Por qué a los niños les cuesta concentrarse (y cuánto es normal según la edad)

La primera causa de los problemas de concentración no está en el niño, sino en las expectativas del adulto. Muchos adultos esperan que un niño sostenga la atención tanto como ellos, y eso es biológicamente imposible: la atención sostenida madura poco a poco durante toda la infancia.

Existe una regla orientativa útil: un niño puede mantener la atención en una tarea poco estimulante durante unos pocos minutos por cada año de edad. No es una ley exacta, pero recalibra la expectativa. Pedirle a un niño de 6 años media hora de foco continuo es pedir lo que su cerebro todavía no da.

Edad Atención sostenida orientativa* Qué implica para las tareas
3–4 años ~4 a 8 minutos Tareas muy cortas y muy guiadas por el adulto
5–6 años ~8 a 14 minutos Bloques breves con cambios frecuentes de actividad
7–9 años ~14 a 20 minutos Tareas segmentadas con pausas entre bloques
10–12 años ~20 a 30 minutos Bloques más largos, todavía con descansos

*Rangos aproximados para tareas de bajo interés intrínseco. Varían según el niño, la motivación y el tipo de actividad.

La atención también depende del interés. El mismo niño que "no se concentra" en la tarea puede pasar una hora armando un rompecabezas. La atención no está rota: está buscando sentido, novedad y motivación.

Los tipos de atención que conviene distinguir

No toda la atención es igual. Distinguir sus tipos ayuda a entender por qué un niño rinde en una situación y falla en otra, y a ajustar la ayuda que necesita.

La atención sostenida es la capacidad de mantener el foco en una tarea durante un tiempo. La atención selectiva permite concentrarse en lo importante e ignorar lo que distrae. La atención dividida intenta atender dos cosas a la vez, y en los niños casi siempre falla: el cerebro infantil no está diseñado para la multitarea.

Saber qué tipo de atención exige cada tarea permite intervenir mejor.
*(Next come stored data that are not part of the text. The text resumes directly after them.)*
Lemma connected_in_cons B e x y z :
  e x y -> x \in B -> connected_in B e y z -> connected_in B e x z.
Proof.
move=> exy xB [p [yB allp pp lp]]; exists (y :: p).
by split=> //=; rewrite ?yB ?exy.
Qed.

Lemma connected_in_trans B e x y z :
  connected_in B e x y -> connected_in B e y z -> connected_in B e x z.
Proof.
move=> [p [xB allp pp lp]] [q [yB allq pq lq]]; exists (p ++ q); split=> //.
- by rewrite all_cat allp allq.
- by rewrite cat_path pp lp pq.
- by rewrite last_cat lp.
Qed.

Lemma connected_in_sym B e x y :
  symmetric e -> connected_in B e x y -> connected_in B e y x.
Proof.
move=> eC [p [xB allp pp <-]]; elim: p x xB allp pp => [|z p IH] x xB /=.
  by move=> _ _; apply: connected_in_refl.
case/andP=> zB allp /andP[exz pp]; apply: connected_in_trans (IH z zB allp pp) _.
by apply: connected_in_cons (connected_in_refl _ xB); rewrite // eC.
Qed.

Lemma connected_in_sub B C e x y :
  B \subset C -> connected_in B e x y -> connected_in C e x y.
Proof.
move=> /subsetP sBC [p [xB allp pp lp]]; exists p; split=> //; first exact: sBC.
by apply/allP=> z /(allP allp)/sBC.
Qed.

Lemma connected_in_uniq B e x y : connected_in B e x y ->
  exists p, [/\ uniq (x :: p), all (fun z => z \in B) p, path e x p & last x p = y].
Proof.
move=> [p [_ allp pp lp]]; case: (shortenP pp) lp => p' pp' up' sub_p lp.
by exists p'; split=> //; apply/allP=> z /sub_p/(allP allp).
Qed.

Lemma path_first_hit B e (P : pred V) x s :
  x \in B -> all (fun z => z \in B) s -> path e x s -> P (last x s) ->
  P x \/ exists n w, [/\ e n w, P w, ~~ P n &
                         connected_in [set z in B | ~~ P z] e x n].
Proof.
elim: s x => [|y s IH] x xB /=; first by move=> _ _ ->; left.
case/andP=> yB alls /andP[exy ps] Pl.
have [Px|nPx] := boolP (P x); first by left.
have xB' : x \in [set z in B | ~~ P z] by rewrite inE xB.
right; case: (IH y yB alls ps Pl) => [Py|[n [w [enw Pw nPn cn]]]].
  by exists x, y; split=> //; apply: connected_in_refl.
by exists n, w; split=> //; apply: connected_in_cons exy xB' cn.
Qed.

End Connectivity.

Section Tree.
Variables (V : finType) (A : {set V}) (e : rel V).

Definition in_branch (w n x : V) : Prop :=
  e w n /\ connected_in (A :\ w) e x n.

Hypothesis tree : is_tree A e.

Lemma tree_edgeC : symmetric e.
Proof. by case: tree => [[]]. Qed.

Lemma tree_edge_irr x : ~~ e x x.
Proof. by case: tree => [[]]. Qed.

Lemma tree_edge_mem x y : e x y -> (x \in A) && (y \in A).
Proof. by case: tree => [[_ _ eA]] _ _ _; apply: eA. Qed.

Lemma tree_connected x y : x \in A -> y \in A -> connected_in A e x y.
Proof. by case: tree => _ _ connA _; apply: connA. Qed.

Lemma neighbors_disconnected a b c :
  e a b -> e a c -> b != c -> ~ connected_in (A :\ a) e b c.
Proof.
move=> eab eac bc /connected_in_uniq [p [up allp pp lp]].
case: tree => _ _ _; apply; exists (a :: b :: p); split.
- by case: p {up allp pp} lp => [|z p] //= lp; rewrite lp eqxx in bc.
- case/andP: (tree_edge_mem eab) => aA bA /=; rewrite aA bA /=.
  by apply/allP=> z /(allP allp); rewrite inE => /andP[].
- rewrite cons_uniq up andbT inE negb_or; apply/andP; split.
    by apply: contraTneq eab => <-; apply: tree_edge_irr.
  by apply/negP=> /(allP allp); rewrite !inE eqxx.
- by rewrite /= eab rcons_path pp lp tree_edgeC eac.
Qed.

Lemma branches_disconnected w n1 n2 x1 x2 :
  in_branch w n1 x1 -> in_branch w n2 x2 -> n1 != n2 ->
  ~ connected_in (A :\ w) e x1 x2.
Proof.
move=> [e1 c1] [e2 c2] n12 c12; apply: (neighbors_disconnected e1 e2 n12).
apply: connected_in_trans (connected_in_sym tree_edgeC c1) _.
exact: connected_in_trans c12 c2.
Qed.

Lemma path_to_branch x q w :
  x \in A -> all (fun z => z \in A) q -> path e x q -> e (last x q) w ->
  w \notin x :: q -> in_branch w (last x q) x.
Proof.
move=> xA allq pq ew wq; split; first by rewrite tree_edgeC.
exists q; split=> //.
  by rewrite !inE xA andbT; apply: contraNneq wq => ->; rewrite mem_head.
apply/allP=> z zq; rewrite !inE (allP allq _ zq) andbT.
by apply: contraNneq wq => <-; rewrite inE zq orbT.
Qed.

Lemma path_from_branch w s :
  all (fun z => z \in A) s -> path e w s -> w \notin s -> s != [::] ->
  in_branch w (head w s) (last w s).
Proof.
case: s => [|n s] //= /andP[nA alls] /andP[ewn ps]; rewrite inE negb_or.
case/andP=> wn ws _; split=> //; apply: connected_in_sym tree_edgeC _.
exists s; split=> //; first by rewrite !inE nA andbT eq_sym.
apply/allP=> z zs; rewrite !inE (allP alls _ zs) andbT.
by apply: contraNneq ws => <-.
Qed.

Lemma branch_exists w x : w \in A -> x \in A :\ w -> exists n, in_branch w n x.
Proof.
rewrite !inE => wA /andP[xw xA].
have [p [up allp pp lp]] := connected_in_uniq (tree_connected xA wA).
case/lastP: p up allp pp lp => [|q y]; first by move=> _ _ _ /= xw'; rewrite xw' eqxx in xw.
rewrite last_rcons all_rcons rcons_path -rcons_cons rcons_uniq.
move=> /andP[yq _] /andP[_ allq] /andP[pq ey] yw; subst y.
by exists (last x q); apply: path_to_branch.
Qed.
(* Let $K\ge 2$, $a\ge 1$, $b\ge 1$ and $L\in[2:K]$ be integers. For the $(K,a,b,L)$ multiaccess coded caching problem for location-based content with cache size $M\ge 0$, the optimal worst-case load is $$R^\star=\begin{cases} K-\dfrac{K}{a+b}M, & 0\le M\le a+b,\\ 0, & M\ge a+b.\end{cases}$$
   Context: For integers $x\le y$, $[x:y]=\{x,x+1,\dots,y\}$ and $[n]=[1:n]$. For integers $c$ and $m\ge1$, $\langle c\rangle_m$ denotes the unique element of $\{1,\dots,m\}$ congruent to $c$ modulo $m$. For $k\in[K]$ define $\mathcal D_{k,1}=[(k-1)(a+b)+1:ka+(k-1)b]$, $\mathcal D_{k,2}=[ka+(k-1)b+1:k(a+b)]$, $\mathcal D_{k,3}=\mathcal D_{\langle k+1\rangle_K,1}$, and $\mathcal D_k=\mathcal D_{k,1}\cup\mathcal D_{k,2}\cup\mathcal D_{k,3}$. The $(K,a,b,L)$ multiaccess coded caching problem for location-based content: a server has $N=K(a+b)$ files $W_1,\dots,W_N$, each of $B$ independent uniformly distributed bits. There are $K$ cache nodes each storing $MB$ bits, with contents $Z_k=\phi_k(W_1,\dots,W_N)$ fixed without knowledge of demands, and $K$ users; user $k$ has free access to the cache nodes $k,\langle k+1\rangle_K,\dots,\langle k+L-1\rangle_K$. For each demand vector $\mathbf d\in\mathcal D_1\times\cdots\times\mathcal D_K$ the server broadcasts $X=\psi(\mathbf d,W_1,\dots,W_N)\in\{0,1\}^{RB}$, and each user $k$ must recover $W_{d_k}$ exactly from $(\mathbf d, Z_k,Z_{\langle k+1\rangle_K},\dots,Z_{\langle k+L-1\rangle_K},X)$. $R$ is the worst-case load; $R^\star$ is the infimum of achievable loads over all schemes (arbitrary, possibly coded, placement) and all $B$. *)

From mathcomp Require Import all_boot all_order all_algebra.
From mathcomp Require Import boolp classical_sets reals.
Set Implicit Arguments. Unset Strict Implicit. Unset Printing Implicit Defensive.
Import Order.TTheory GRing.Theory Num.Theory.

(* <c>_m for c >= 1: the element of {1..m} congruent to c mod m *)
Definition cmod (m c : nat) : nat := ((c + m).-1 %% m).+1.

(* Demand sets, 1-based user index k and 1-based file index x, as in the paper *)
Definition D1 (K a b k x : nat) : bool :=
  ((k - 1) * (a + b) + 1 <= x) && (x <= k * a + (k - 1) * b).
Definition D2 (K a b k x : nat) : bool :=
  (k * a + (k - 1) * b + 1 <= x) && (x <= k * (a + b)).
Definition D3 (K a b k x : nat) : bool := D1 K a b (cmod K (k + 1)) x.
Definition Dk (K a b k x : nat) : bool := [|| D1 K a b k x, D2 K a b k x | D3 K a b k x].

(* Files W_1..W_N are represented 0-based: file index i : 'I_N stands for W_{i+1};
   user / cache node i : 'I_K stands for user / cache node i+1. *)
Definition valid_demand (K a b : nat) (d : 'I_K -> 'I_(K * (a + b))) : Prop :=
  forall k : 'I_K, Dk K a b k.+1 (d k).+1.

Lemma ord_pos (K : nat) (k : 'I_K) : 0 < K.
Proof. by apply: leq_ltn_trans (ltn_ord k). Qed.

(* the (j+1)-th cache node accessed by user k (0-based): node (k + j) mod K,
   i.e. in 1-based terms user k+1 accesses <k+1>, <k+2>, ..., <k+L>. *)
Definition acc_node (K : nat) (k : 'I_K) (j : nat) : 'I_K :=
  Ordinal (ltn_pmod (k + j) (ord_pos k)).

Definition achievable {R : realType} (K a b L : nat) (M rho : R) : Prop :=
  exists (B m r : nat),
    [/\ (0 < B)%N, (m%:R <= M * B%:R)%R & (r%:R <= rho * B%:R)%R] /\
    exists (phi : 'I_K -> ('I_(K * (a + b)) -> B.-tuple bool) -> m.-tuple bool)
           (psi : ('I_K -> 'I_(K * (a + b))) -> ('I_(K * (a + b)) -> B.-tuple bool)
                  -> r.-tuple bool)
           (dec : 'I_K -> ('I_K -> 'I_(K * (a + b))) -> ('I_L -> m.-tuple bool)
                  -> r.-tuple bool -> B.-tuple bool),
      forall d : 'I_K -> 'I_(K * (a + b)), @valid_demand K a b d ->
      forall (W : 'I_(K * (a + b)) -> B.-tuple bool) (k : 'I_K),
        dec k d (fun j : 'I_L => phi (acc_node k j) W) (psi d W) = W (d k).

Definition Rstar {R : realType} (K a b L : nat) (M : R) : R :=
  inf [set rho : R | achievable K a b L M rho].

From mathcomp Require Import all_boot all_order all_algebra.
From mathcomp Require Import boolp classical_sets reals.
From mathcomp Require Import lra zify.
Import Order.TTheory GRing.Theory Num.Theory.
Set Implicit Arguments. Unset Strict Implicit.

(* Files are grouped: group g (0-based) consists of the a+b consecutive files
   file g j, j < a+b.  User k may demand only files of groups k and k+1 mod K,
   and with L >= 2 it accesses the cache nodes k and k+1 mod K.

   Converse (cut-set bound).  For each j < a+b the "column" demand
   d_k = file k j is valid.  The K caches together with the a+b broadcasts
   sent for these column demands determine every file, so counting bits gives
   K (a+b) B <= K m + (a+b) r, i.e. K(a+b) <= K M + (a+b) R for any scheme.

   Achievability (file splitting).  Split every file into a cached prefix of
   s bits and an uncached suffix of B - s bits.  Cache node g stores the
   prefixes of the a+b files of group g, and the server broadcasts the
   suffixes of the K demanded files; any user then knows both halves of its
   file.  Choosing s/B close to min(M/(a+b), 1) gets within any eps > 0 of
   the target load.  Decoders are obtained abstractly: any function that is
   determined by the observations can be decoded from them. *)

Lemma decoder_of_determined (T O X : Type) (obs : T -> O) (f : T -> X) (x0 : X) :
  (forall t t', obs t' = obs t -> f t' = f t) ->
  exists dec : O -> X, forall t, dec (obs t) = f t.
Proof.
move=> det.
exists (fun o => if pselect (exists t, obs t = o) is left e
                 then f (proj1_sig (cid e)) else x0) => t.
case: pselect => [e | no_t]; last by case: no_t; exists t.
by case: (cid e) => t' /= /det.
Qed.

Lemma inj_of_card (T U : finType) : #|T| <= #|U| -> {f : T -> U | injective f}.
Proof.
move=> le_TU; exists (fun x => enum_val (widen_ord le_TU (enum_rank x))).
by move=> x y /enum_val_inj /(congr1 val) /= /val_inj /enum_rank_inj.
Qed.

Section FileGroups.
Variables K a b : nat.
Local Notation N := (K * (a + b)).

(* File j of group g, i.e. W_{g(a+b)+j+1} in the 1-based numbering. *)
Lemma file_lt (g : 'I_K) (j : 'I_(a + b)) : g * (a + b) + j < N.
Proof. by have := ltn_ord g; have := ltn_ord j; nia. Qed.

Definition file (g : 'I_K) (j : 'I_(a + b)) : 'I_N := Ordinal (file_lt g j).

Lemma fileP (i : 'I_N) :
  exists g j, i = file g j /\ val g = i %/ (a + b).
Proof.
have ab_pos : 0 < a + b by have := ltn_ord i; nia.
have g_lt : i %/ (a + b) < K by rewrite ltn_divLR.
have j_lt : i %% (a + b) < a + b by rewrite ltn_mod.
exists (Ordinal g_lt), (Ordinal j_lt); split => //.
by apply: val_inj; rewrite /= -divn_eq.
Qed.

Lemma column_demand_valid (j : 'I_(a + b)) : valid_demand (fun k => file k j).
Proof.
move=> k; rewrite /Dk /D1 /D2 /=.
have := ltn_ord j; have := ltn_ord k => ltkK ltj.
by case: (ltnP j a) => hj; apply/or3P; [apply: Or31 | apply: Or32];
   apply/andP; split; nia.
Qed.

Lemma divn_eq_of_bounds (x k c : nat) : k * c <= x < k.+1 * c -> x %/ c = k.
Proof.
case/andP => lo hi; have c_pos : 0 < c by case: c lo hi => // _; rewrite muln0.
by apply/eqP; rewrite eqn_leq -ltnS ltn_divLR // hi leq_divRL.
Qed.

Lemma demand_group (k x : nat) : k < K -> Dk K a b k.+1 x.+1 ->
  x %/ (a + b) = k \/ x %/ (a + b) = (k + 1) %% K.
Proof.
move=> ltkK; rewrite /Dk /D3 /D1 /D2 /cmod.
have -> : (k.+1 + 1 + K).-1 = (k + 1) + K by lia.
rewrite modnDr.
by case/or3P => /andP [lo hi]; [left | left | right];
   apply: divn_eq_of_bounds; apply/andP; split; nia.
Qed.

Lemma demand_accessible (L : nat) (d : 'I_K -> 'I_N) (k : 'I_K) :
  2 <= L -> valid_demand d ->
  exists (l : 'I_L) (j : 'I_(a + b)), d k = file (acc_node k l) j.
Proof.
move=> L2 valid_d.
have [g [j [dk_eq g_div]]] := fileP (d k).
suff [l node_g] : exists l : 'I_L, acc_node k l = g.
  by exists l, j; rewrite dk_eq node_g.
case: (demand_group (ltn_ord k) (valid_d k)); rewrite -g_div => g_eq.
  by exists (Ordinal (ltnW L2)); apply: val_inj; rewrite /= addn0 modn_small // g_eq.
by exists (Ordinal L2); apply: val_inj; rewrite /= g_eq.
Qed.

End FileGroups.

Section Converse.
Variables K a b L B m r : nat.
Local Notation N := (K * (a + b)).
Variables (phi : 'I_K -> ('I_N -> B.-tuple bool) -> m.-tuple bool)
          (psi : ('I_K -> 'I_N) -> ('I_N -> B.-tuple bool) -> r.-tuple bool)
          (dec : 'I_K -> ('I_K -> 'I_N) -> ('I_L -> m.-tuple bool) ->
                 r.-tuple bool -> B.-tuple bool).
Hypothesis decodes : forall d, valid_demand d -> forall W (k : 'I_K),
  dec k d (fun l => phi (acc_node k l) W) (psi d W) = W (d k).

Lemma caches_and_columns_determine (W W' : 'I_N -> B.-tuple bool) :
  (forall g, phi g W = phi g W') ->
  (forall j, psi (fun k => file k j) W = psi (fun k => file k j) W') ->
  W =1 W'.
Proof.
move=> same_caches same_columns i.
have [g [j [-> _]]] := fileP i.
have valid_j : valid_demand (fun k : 'I_K => file k j) := column_demand_valid j.
rewrite -(decodes valid_j W g) -(decodes valid_j W' g) same_columns.
by congr dec; apply: funext => l.
Qed.

Lemma cut_set_bound : N * B <= K * m + (a + b) * r.
Proof.
pose F (W : {ffun 'I_N -> B.-tuple bool}) :
    {ffun 'I_K -> m.-tuple bool} * {ffun 'I_(a + b) -> r.-tuple bool} :=
  ([ffun g => phi g W], [ffun j => psi (fun k => file k j) W]).
have F_inj : injective F.
  move=> W W' [/ffunP same_caches /ffunP same_columns]; apply/ffunP.
  apply: caches_and_columns_determine => [g | j].
    by have := same_caches g; rewrite !ffunE.
  by have := same_columns j; rewrite !ffunE.
have := leq_card F F_inj.
rewrite card_prod !card_ffun !card_tuple !card_bool !card_ord -!expnM -expnD.
by rewrite leq_exp2l //; nia.
Qed.

End Converse.

Lemma splitting_scheme (K a b L B s : nat) : 2 <= L -> s <= B ->
  let N := K * (a + b) in
  exists (phi : 'I_K -> ('I_N -> B.-tuple bool) -> (s * (a + b)).-tuple bool)
         (psi : ('I_K -> 'I_N) -> ('I_N -> B.-tuple bool) -> ((B - s) * K).-tuple bool)
         (dec : 'I_K -> ('I_K -> 'I_N) -> ('I_L -> (s * (a + b)).-tuple bool) ->
                ((B - s) * K).-tuple bool -> B.-tuple bool),
    forall d, valid_demand d -> forall W (k : 'I_K),
      dec k d (fun l => phi (acc_node k l) W) (psi d W) = W (d k).
Proof.
move=> L2 le_sB N.
have [halves halves_inj] :
    {f : B.-tuple bool -> s.-tuple bool * (B - s).-tuple bool | injective f}.
  by apply: inj_of_card; rewrite card_prod !card_tuple card_bool -expnD subnKC.
have [pack_cache pack_cache_inj] :
    {f : {ffun 'I_(a + b) -> s.-tuple bool} -> (s * (a + b)).-tuple bool | injective f}.
  by apply: inj_of_card; rewrite card_ffun !card_tuple card_bool card_ord -expnM.
have [pack_bcast pack_bcast_inj] :
    {f : {ffun 'I_K -> (B - s).-tuple bool} -> ((B - s) * K).-tuple bool | injective f}.
  by apply: inj_of_card; rewrite card_ffun !card_tuple card_bool card_ord -expnM.
pose phi g (W : 'I_N -> B.-tuple bool) :=
  pack_cache [ffun j => (halves (W (file g j))).1].
pose psi (d : 'I_K -> 'I_N) (W : 'I_N -> B.-tuple bool) :=
  pack_bcast [ffun k => (halves (W (d k))).2].
exists phi, psi.
(* One decoder for all users and valid demands at once: the observation of
   user k consists of k, the demand, its L caches and the broadcast. *)
pose obs (t : 'I_K * {d : 'I_K -> 'I_N | valid_demand d} * ('I_N -> B.-tuple bool)) :=
  let: (k, d, W) := t in (k, sval d, fun l : 'I_L => phi (acc_node k l) W, psi (sval d) W).
have [dec decP] : exists dec, forall t, dec (obs t) = let: (k, d, W) := t in W (sval d k).
  apply: (decoder_of_determined [tuple of nseq B false]).
  move=> [[k [d vd]] W] [[k' [d' _]] W'] /= [-> -> same_caches same_bcast].
  have [l [j dk_file]] := demand_accessible k L2 vd.
  have same_prefix : (halves (W' (d k))).1 = (halves (W (d k))).1.
    have /pack_cache_inj/ffunP/(_ j) := congr1 (fun c => c l) same_caches.
    by rewrite dk_file !ffunE.
  have same_suffix : (halves (W' (d k))).2 = (halves (W (d k))).2.
    by have /pack_bcast_inj/ffunP/(_ k) := same_bcast; rewrite !ffunE.
  apply: halves_inj; move: same_prefix same_suffix.
  by case: (halves (W' (d k))) => ? ?; case: (halves (W (d k))) => ? ? /= -> ->.
exists (fun k d c y => dec (k, d, c, y)) => d vd W k.
exact: (decP (k, exist _ d vd, W)).
Qed.

Local Open Scope ring_scope.

Definition target_load (R : realFieldType) (K n : nat) (M : R) : R :=
  if M <= n%:R then K%:R - K%:R / n%:R * M else 0.

Lemma target_load_le (R : realFieldType) (K n : nat) (M rho : R) :
  (0 < n)%N -> 0 <= rho -> K%:R * n%:R <= K%:R * M + n%:R * rho ->
  target_load K n M <= rho.
Proof.
move=> n_pos rho_ge0 cut; rewrite /target_load; case: ifP => // _.
have n_gt0 : 0 < n%:R :> R by rewrite ltr0n.
rewrite -(ler_pM2r n_gt0) mulrBl mulrAC divfK ?gt_eqF //.
by lra.
Qed.

Lemma target_load_fraction (R : realFieldType) (K n : nat) (M : R) :
  (0 < n)%N -> 0 <= M ->
  exists t : R, [/\ 0 <= t <= 1, t * n%:R <= M & target_load K n M = K%:R * (1 - t)].
Proof.
move=> n_pos M_ge0; have n_gt0 : 0 < n%:R :> R by rewrite ltr0n.
rewrite /target_load; case: ifP => [le_Mn | lt_nM].
  exists (M / n%:R); split.
  - by rewrite divr_ge0 ?(ltW n_gt0) //= ler_pdivrMr // mul1r.
  - by rewrite divfK ?gt_eqF.
  - by rewrite mulrBr mulr1 mulrA mulrAC.
exists 1; split; first by rewrite lexx ler01.
  by rewrite mul1r ltW // ltNge lt_nM.
by rewrite subrr mulr0.
Qed.

Lemma achievable_ge_target (R : realType) (K a b L : nat) (M rho : R) :
  (1 <= a)%N -> achievable K a b L M rho -> target_load K (a + b) M <= rho.
Proof.
move=> a_pos [B [m [r [[B_pos le_mMB le_r_rhoB] [phi [psi [dec decodes]]]]]]].
have B_gt0 : 0 < B%:R :> R by rewrite ltr0n.
have rho_ge0 : 0 <= rho.
  by rewrite -(pmulr_lge0 _ B_gt0); apply: le_trans le_r_rhoB.
apply: target_load_le => //; first by lia.
have := @cut_set_bound K a b L B m r phi psi dec decodes.
rewrite -(ler_nat R) natrD !natrM => cut.
have K_ge0 : 0 <= K%:R :> R by [].
have ab_ge0 : 0 <= (a + b)%:R :> R by [].
rewrite -(ler_pM2r B_gt0); nra.
Qed.

Lemma target_plus_eps_achievable (R : realType) (K a b L : nat) (M eps : R) :
  (1 <= a)%N -> (2 <= L)%N -> 0 <= M -> 0 < eps ->
  achievable K a b L M (target_load K (a + b) M + eps).
Proof.
move=> a_pos L2 M_ge0 eps_gt0.
have [t [/andP [t_ge0 t_le1] tn_le_M ->]] := target_load_fraction K (n := a + b)
  (ltn_addr b a_pos) M_ge0.
pose B := (Num.truncn (K%:R / eps)).+1.
have K_lt_epsB : K%:R < eps * B%:R.
  by have := truncnS_gt (K%:R / eps); rewrite ltr_pdivrMr // mulrC.
pose s := Num.truncn (t * B%:R).
have s_le : s%:R <= t * B%:R by rewrite truncn_le mulr_ge0.
have s_gt : t * B%:R < s%:R + 1 by rewrite natr1; apply: truncnS_gt.
have le_sB : (s <= B)%N.
  by rewrite -(ler_nat R); apply: (le_trans s_le); rewrite ler_piMl.
have [phi [psi [dec decodes]]] := splitting_scheme K a b L2 le_sB.
exists B, (s * (a + b))%N, ((B - s) * K)%N; split; last by exists phi, psi, dec.
split => //; rewrite !natrM ?natrB //.
  apply: le_trans (ler_wpM2r (ler0n _ _) s_le) _.
  by rewrite mulrAC ler_wpM2r.
(* (B - s) K < ((1 - t) B + 1) K <= (1 - t) K B + eps B. *)
have K_ge0 : 0 <= K%:R :> R by [].
nra.
Qed.

Theorem theorem3 (R : realType) (K a b L : nat) (M : R) :
  (2 <= K)%N -> (1 <= a)%N -> (1 <= b)%N -> (2 <= L)%N -> (L <= K)%N ->
  0 <= M ->
  Rstar K a b L M =
    (if M <= (a + b)%:R then K%:R - K%:R / (a + b)%:R * M else 0).
Proof.
move=> _ a_pos _ L2 _ M_ge0.
rewrite -/(target_load K (a + b) M) /Rstar.
set S := (X in inf X).
have target_lb : classical_sets.lbound S (target_load K (a + b) M).
  by move=> rho; apply: achievable_ge_target.
apply/eqP; rewrite eq_le; apply/andP; split; last first.
  apply: lb_le_inf target_lb.
  by exists (target_load K (a + b) M + 1); apply: target_plus_eps_achievable.
apply/ler_addgt0Pr => eps eps_gt0.
apply: (ge_inf (ex_intro _ _ target_lb)).
exact: target_plus_eps_achievable.
Qed.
Un aula ruidosa exige atención selectiva; una tarea larga exige atención sostenida; pedir que copien mientras escuchan exige atención dividida, la más difícil y la que más conviene evitar.

10 estrategias para mejorar la concentración en niños

Mejorar la concentración en niños no depende de exigir más esfuerzo, sino de crear las condiciones que la atención necesita. Estas 10 estrategias, ordenadas de lo más básico a lo más avanzado, tienen respaldo en la neurociencia del aprendizaje.

1
Fragmenta las tareas en bloques cortos según la edad del niño.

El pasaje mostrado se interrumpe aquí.